DESTRUCTION DERBY and ON REFINEMENT
by Zayne Turner
Winner of the 2015 Kore Press First Book Award for Poetry
Entries must be received by July 15
This well-regarded feminist press gives $1,500 and publication for a poetry manuscript by a woman with no prior published full-length collections. Turner's Body Burden was the most recent winner. This pair of poems is a study in contrasts, finding a symphony of sound and light in a demolition derby, and violent chemical processes beneath the surface of a parlor scene—"yellowcake" as both tea-time delicacy and radioactive material.
[SOMETIMES I DON'T KNOW IF I'M HAVING A FEELING]
by Matthew Siegel
Winner of the 2015 Felix Pollak Prize
Postmark Deadline: September 15 (don't enter before July 15)

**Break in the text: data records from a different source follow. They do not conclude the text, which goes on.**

(* Let $n,k$ be positive integers and $G=G_{n,k}\le\mathrm{Aut}_{\mathrm{gr}}(\Bbbk_{-1}[u,v])$. Then $G$ contains no quasi-reflections if and only if $k\not\equiv2\pmod4$ and $\gcd(n,k)\le2$.
   Context: $\Bbbk$ is algebraically closed of characteristic $0$; $\Bbbk_{-1}[u,v]=\Bbbk\langle u,v\rangle/(vu+uv)$, with matrices $\begin{pmatrix}a&b\\c&d\end{pmatrix}$ acting by $u\mapsto au+cv$, $v\mapsto bu+dv$. With $\omega$ a primitive $(2nk)$th root of unity, $G_{n,k}$ is generated by $\mathrm{diag}(\omega^{2k},\omega^{-2k})$ and $\begin{pmatrix}0&\omega^n\\\omega^n&0\end{pmatrix}$. For a graded automorphism $g$, $\mathrm{Tr}(g)=\sum_i\mathrm{tr}(g|_{A_i})t^i$, and $g$ is a quasi-reflection if $\mathrm{Tr}(g)=\frac1{(1-t)(1-\lambda t)}$ for some $\lambda\ne1$. *)

From HB Require Import structures.
From mathcomp Require Import all_boot all_order all_algebra.
Set Implicit Arguments. Unset Strict Implicit. Unset Printing Implicit Defensive.
Import Order.TTheory GRing.Theory Num.Theory.
Local Open Scope ring_scope.

Section SkewPoly.
Variable K : fieldType.

(* A homogeneous element of degree m of k_{-1}[u,v] is represented by its
   coefficient function x : nat -> K, where x i is the coefficient of the
   monomial u^i v^(m-i) (0 <= i <= m).  The degree m is carried separately. *)

(* Product of a degree-m element with a degree-p element, using
   u^i v^(m-i) * u^j v^(p-j) = (-1)^((m-i) j) u^(i+j) v^(m+p-i-j)
   (a consequence of vu = -uv). *)
Definition hmul (m p : nat) (x y : nat -> K) : nat -> K :=
  fun s => \sum_(i < m.+1) \sum_(j < p.+1)
             (if (i + j == s)%N then (-1) ^+ ((m - i) * j) * x i * y j else 0).

Definition hone : nat -> K := fun s => if s == 0%N then 1 else 0.

(* Matrix (a b; c d) acts by u |-> a u + c v, v |-> b u + d v. *)
Definition img_u (g : 'M[K]_2) : nat -> K :=
  fun s => if s == 1%N then g 0 0 else if s == 0%N then g 1 0 else 0.
Definition img_v (g : 'M[K]_2) : nat -> K :=
  fun s => if s == 1%N then g 0 1 else if s == 0%N then g 1 1 else 0.

Fixpoint hpow1 (x : nat -> K) (i : nat) : nat -> K :=
  match i with
  | 0%N => hone
  | i'.+1 => hmul 1 i' x (hpow1 x i')
  end.

Definition mono_img (g : 'M[K]_2) (i j : nat) : nat -> K :=
  hmul i j (hpow1 (img_u g) i) (hpow1 (img_v g) j).

Definition trace_deg (g : 'M[K]_2) (m : nat) : K :=
  \sum_(i < m.+1) mono_img g i (m - i) i.

(* quasi-reflection: Tr(g) = 1/((1-t)(1-lambda t)) for some lambda != 1,
   written coefficientwise: the coefficient of t^m on the right is
   sum_{i=0}^m lambda^i. *)
Definition quasi_reflection (g : 'M[K]_2) : Prop :=
  exists lam : K, lam != 1 /\
    forall m : nat, trace_deg g m = \sum_(i < m.+1) lam ^+ i.

Inductive gen_by (S : 'M[K]_2 -> Prop) : 'M[K]_2 -> Prop :=
| gen_one : gen_by S 1%:M
| gen_in g : S g -> gen_by S g
| gen_mul g h : gen_by S g -> gen_by S h -> gen_by S (g *m h)
| gen_inv g : gen_by S g -> gen_by S (invmx g).

Definition gen_diag (n k : nat) (w : K) : 'M[K]_2 :=
  \matrix_(i < 2, j < 2)
    (if i == j then (if (val i == 0)%N then w ^+ (2 * k) else w ^- (2 * k)) else 0).

Definition gen_anti (n k : nat) (w : K) : 'M[K]_2 :=
  \matrix_(i < 2, j < 2) (if i == j then 0 else w ^+ n).

Definition G_nk (n k : nat) (w : K) : 'M[K]_2 -> Prop :=
  gen_by (fun g => g = gen_diag n k w \/ g = gen_anti n k w).

End SkewPoly.

From mathcomp Require Import all_boot all_order all_algebra.
From mathcomp Require Import ring zify.
From Stdlib Require Import FunctionalExtensionality.
Import GRing.Theory.

Set Implicit Arguments. Unset Strict Implicit. Unset Printing Implicit Defensive.
Local Open Scope ring_scope.

(* Put e(a, c) = 2k a + 2n c, rho(a, c) = diag(w^e(a,c), w^e(-a,c)) and
   A0 = (0 w^n; w^n 0).  The generators of G_{n,k} are rho(1, 0) and A0, and
   rho is a homomorphism Z^2 -> GL_2 with A0^2 = rho(0, 1) and
   A0 rho(a, c) = rho(-a, c) A0, so that
        G_{n,k} = { rho(a, c), rho(a, c) A0 : a, c in Z }.
   Computing traces on the monomial bases u^i v^(m-i) of the graded pieces,
   a quasi-reflection diag(x, y) has exactly one of x, y equal to 1 (and
   diag(1, y) with y <> 1 is one), while a quasi-reflection (0 b; c 0) has
   c b = -1 (and (0 z; z 0) with z^2 = -1 is one).  As w is a primitive 2nk-th root of unity, these become
   divisibility conditions on exponents:
   - rho(a, c) is a quasi-reflection iff exactly one of e(a, c), e(-a, c) is
     divisible by 2nk; this never happens when gcd(n, k) <= 2, and happens
     for (a, c) = (n/g, -k/g) when g = gcd(n, k) > 2;
   - rho(a, c) A0 can only be a quasi-reflection if w^(2n(2c+1)) = -1, which
     forces k = 2 (mod 4); conversely it is one for a = 0 when k = 4c + 2.
   The file develops the trace computations, then the description of
   G_{n,k}, then the arithmetic, and combines them in the section Criterion. *)

Section DiagonalAntidiagonal.
Variable K : fieldType.

Definition mono (s : nat) (a : K) : nat -> K := fun t => if t == s then a else 0.

Lemma sum_delta (m s : nat) (c : K) : (s <= m)%N ->
  \sum_(i < m.+1) (if (i : nat) == s then c else 0) = c.
Proof. by move=> le_sm; rewrite -big_mkcond big_ord1_eq ltnS le_sm. Qed.

Lemma hmul_mono m p s r a b : (s <= m)%N -> (r <= p)%N ->
  hmul m p (mono s a) (mono r b) = mono (s + r) ((-1) ^+ ((m - s) * r) * a * b).
Proof.
move=> le_sm le_rp; apply: functional_extensionality => t; rewrite /hmul.
rewrite (eq_bigr (fun i : 'I_m.+1 => if (i : nat) == s then
   \sum_(j < p.+1) (if (s + j == t)%N then (-1) ^+ ((m - s) * j) * a * mono r b j
                    else 0) else 0)); last first.
  move=> i _; rewrite /mono; case: (eqVneq (i : nat) s) => [-> //|_].
  by apply: big1 => j _; case: ifP; rewrite ?mulr0 ?mul0r.
rewrite sum_delta //.
rewrite (eq_bigr (fun j : 'I_p.+1 => if (j : nat) == r then
   (if (s + r == t)%N then (-1) ^+ ((m - s) * r) * a * b else 0) else 0)); last first.
  by move=> j _; rewrite /mono; case: (eqVneq (j : nat) r) => [-> //|_]; case: ifP; rewrite ?mulr0.
by rewrite sum_delta // /mono eq_sym.
Qed.

Lemma hpow1_mono_u a i : hpow1 (mono 1 a) i = mono i (a ^+ i).
Proof.
elim: i => [|i IH] /=; first by rewrite expr0.
by rewrite IH hmul_mono // subnn mul0n expr0 mul1r exprS.
Qed.

Lemma hpow1_mono_v a i : hpow1 (mono 0 a) i = mono 0 (a ^+ i).
Proof.
elim: i => [|i IH] /=; first by rewrite expr0.
by rewrite IH hmul_mono // muln0 expr0 mul1r exprS.
Qed.

Definition Dg (x y : K) : 'M[K]_2 :=
  \matrix_(i < 2, j < 2) (if i == j then (if (val i == 0)%N then x else y) else 0).
Definition Ag (b c : K) : 'M[K]_2 :=
  \matrix_(i < 2, j < 2) (if i == j then 0 else (if (val i == 0)%N then b else c)).

Lemma trace_Dg x y m :
  trace_deg (Dg x y) m = \sum_(i < m.+1) x ^+ i * y ^+ (m - i).
Proof.
have img_u : img_u (Dg x y) = mono 1 x.
  by apply: functional_extensionality => -[|[|s]]; rewrite /img_u /mono !mxE.
have img_v : img_v (Dg x y) = mono 0 y.
  by apply: functional_extensionality => -[|[|s]]; rewrite /img_v /mono !mxE.
rewrite /trace_deg; apply: eq_bigr => i _.
rewrite /mono_img img_u img_v hpow1_mono_u hpow1_mono_v hmul_mono //.
by rewrite /mono addn0 eqxx subnn mul0n expr0 mul1r.
Qed.

(* (0 b; c 0) maps u^i v^(m-i) to a multiple of u^(m-i) v^i, so only the
   middle monomial u^i v^i (m = 2i) contributes to the trace. *)
Lemma trace_Ag b c m : trace_deg (Ag b c) m =
  \sum_(i < m.+1) (if (i : nat) == (m - i)%N
                   then (-1) ^+ (i * (m - i)) * c ^+ i * b ^+ (m - i) else 0).
Proof.
have img_u : img_u (Ag b c) = mono 0 c.
  by apply: functional_extensionality => -[|[|s]]; rewrite /img_u /mono !mxE.
have img_v : img_v (Ag b c) = mono 1 b.
  by apply: functional_extensionality => -[|[|s]]; rewrite /img_v /mono !mxE.
rewrite /trace_deg; apply: eq_bigr => i _.
by rewrite /mono_img img_u img_v hpow1_mono_u hpow1_mono_v hmul_mono // /mono add0n subn0.
Qed.

(* Quasi-reflections among diagonal matrices: the coefficients of t and t^2
   in Tr(diag(x,y)) = 1/((1-t)(1-l t)) force x + y = 1 + l and x y = l,
   i.e. {x, y} = {1, l} with l != 1. *)
Lemma qr_Dg x y : quasi_reflection (Dg x y) -> (x == 1) != (y == 1).
Proof.
case=> l [l_neq1 trE].
have := trE 1%N; have := trE 2%N.
rewrite !trace_Dg !big_ord_recr !big_ord0 /= !expr0 !expr1 !add0r subn0.
rewrite !mul1r !mulr1 => tr2 tr1.
have xy_l : x * y = l.
  have -> : x * y = (y + x) ^+ 2 - (y ^+ 2 + x * y + x ^+ 2) by ring.
  by rewrite tr1 tr2; ring.
have : (x - 1) * (y - 1) = 0.
  have -> : (x - 1) * (y - 1) = x * y - (y + x) + 1 by ring.
  by rewrite xy_l tr1; ring.
move/eqP; rewrite mulf_eq0 !subr_eq0 => /orP[/eqP x1 | /eqP y1].
  by move: xy_l l_neq1; rewrite x1 eqxx mul1r => ->.
by move: xy_l l_neq1; rewrite y1 eqxx mulr1 => -> /negPf ->.
Qed.

Lemma qr_Dg_witness y : y != 1 -> quasi_reflection (Dg 1 y).
Proof.
move=> y_neq1; exists y; split => // m.
rewrite trace_Dg.
under eq_bigr do rewrite expr1n mul1r.
rewrite -(big_mkord xpredT (fun i => y ^+ (m - i))) big_rev_mkord subn0.
by apply: eq_bigr => i _; rewrite subSS subKn // -ltnS.
Qed.

(* Quasi-reflections among antidiagonal matrices: the coefficients of t and
   t^2 give 0 = 1 + l and -c b = 1 + l + l^2, whence c b = -1. *)
Lemma qr_Ag b c : quasi_reflection (Ag b c) -> c * b = -1.
Proof.
case=> l [_ trE].
have := trE 1%N; have := trE 2%N.
rewrite !trace_Ag !big_ord_recr !big_ord0 /= !add0r !addr0 expr0 !expr1.
move=> tr2 /esym/eqP; rewrite addrC addr_eq0 => /eqP l_m1.
move: tr2; rewrite l_m1 sqrrN expr1n mulN1r subrr add0r.
by move/eqP; rewrite mulNr eqr_oppLR => /eqP.
Qed.

Lemma sum_sign m : \sum_(i < m.+1) (-1 : K) ^+ i = (~~ odd m)%:R.
Proof.
elim: m => [|m IH]; first by rewrite big_ord1 expr0.
rewrite big_ord_recr /= IH -signr_odd /=.
by case: (odd m); rewrite /= ?expr0 ?expr1 ?add0r ?addrN.
Qed.

(* If z^2 = -1 and the characteristic is not 2, then (0 z; z 0) has trace
   series 1/(1-t^2) = 1/((1-t)(1+t)), so it is a quasi-reflection. *)
Lemma qr_Ag_witness z : z ^+ 2 = -1 -> (-1 != 1 :> K) -> quasi_reflection (Ag z z).
Proof.
move=> z2 m1_neq1; exists (-1); split => // m.
rewrite trace_Ag sum_sign.
case: (boolP (odd m)) => [m_odd | m_even].
  apply: big1 => i _; case: eqP => // i_half; exfalso.
  have m2i : m = (i + i)%N by have := ltn_ord i; lia.
  by move: m_odd; rewrite m2i addnn odd_double.
set l := m./2; have m2l : m = (l + l)%N.
  by rewrite addnn -{1}(odd_double_half m) (negPf m_even).
rewrite (eq_bigr (fun i : 'I_m.+1 => if (i : nat) == l
                   then (-1) ^+ (l * l) * z ^+ m else 0)); last first.
  move=> i _; case: (eqVneq (i : nat) l) => [-> | i_neq].
    by rewrite (_ : (m - l = l)%N) ?eqxx -?mulrA -?exprD -?m2l //; lia.
  by case: eqP => // i_half; case/eqP: i_neq; lia.
rewrite sum_delta; last by lia.
rewrite m2l addnn -mul2n (exprM z) z2 -exprD -signr_odd oddD oddM.
by case: (odd l).
Qed.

This long-running contest from the University of Wisconsin Press gives two awards of $1,000 and publication, the Brittingham and Felix Pollak Prizes, for an unpublished full-length poetry manuscript. Siegel's prizewinning collection was Blood Work. This chatty, angsty poem moves from obsessive self-analysis to an intuition of an unnameable presence.
Spring 2016
from BOOK OF HOURS
by Kevin Young
Winner of the 2015 Lenore Marshall Poetry Prize
Postmark Deadline: May 15
The Academy of American Poets awards this prestigious $25,000 prize for the best book of poetry published in the US during the previous calendar year. In this excerpt from the title poem of Young's winning collection, long-drawn-out sentences in short lines convey how the passage of time feels to impatient or grief-heavy human beings, compared with the patient wisdom of mountains and weather.
POLICE REPORT
by Dave Nielsen
Winner of the 2015 Blue Lynx Prize for Poetry
Entries must be received by May 15
Lynx House Press awards $2,000 and publication for a poetry collection by a US author, which includes foreign nationals living and writing in the US and US citizens living abroad. Nielsen's Unfinished Figures won the most recent contest. This timely poem envisions adult authority confounded by a child's sacred, risky innocence.
PLEDGE
by Elizabeth Astrid Powell
Winner of the 2015 Robert Dana–Anhinga Prize for Poetry
Entries must be received by May 20
This long-running contest gives $2,000 and publication by Anhinga Press for a poetry manuscript. Powell's collection Willy Loman's Reckless Daughter won the most recent award. In this poem from her first book, The Republic of Self, she playfully imagines the Pledge of Allegiance as a wedding vow, to depict a child's way of bringing peculiar adult ideas down to a personal level.
KADDISH (FOR LUCIEN STRYK)
by Susan Azar Porterfield
Winner of the 2015 Cider Press Review Editors' Prize Book Award
Postmark Deadline: June 30 (don't enter before April 1)
This award from a well-regarded literary journal gives $1,000 and publication for a poetry manuscript. Porterfield's Dirt, Root, Silk won the most recent contest. A Kaddish is a Jewish prayer of praise for God, traditionally recited to honor the dead. In this poem, the speaker communes with her friend's memory by being fully present to observe a bird on a branch, entering a reality where no one is separate.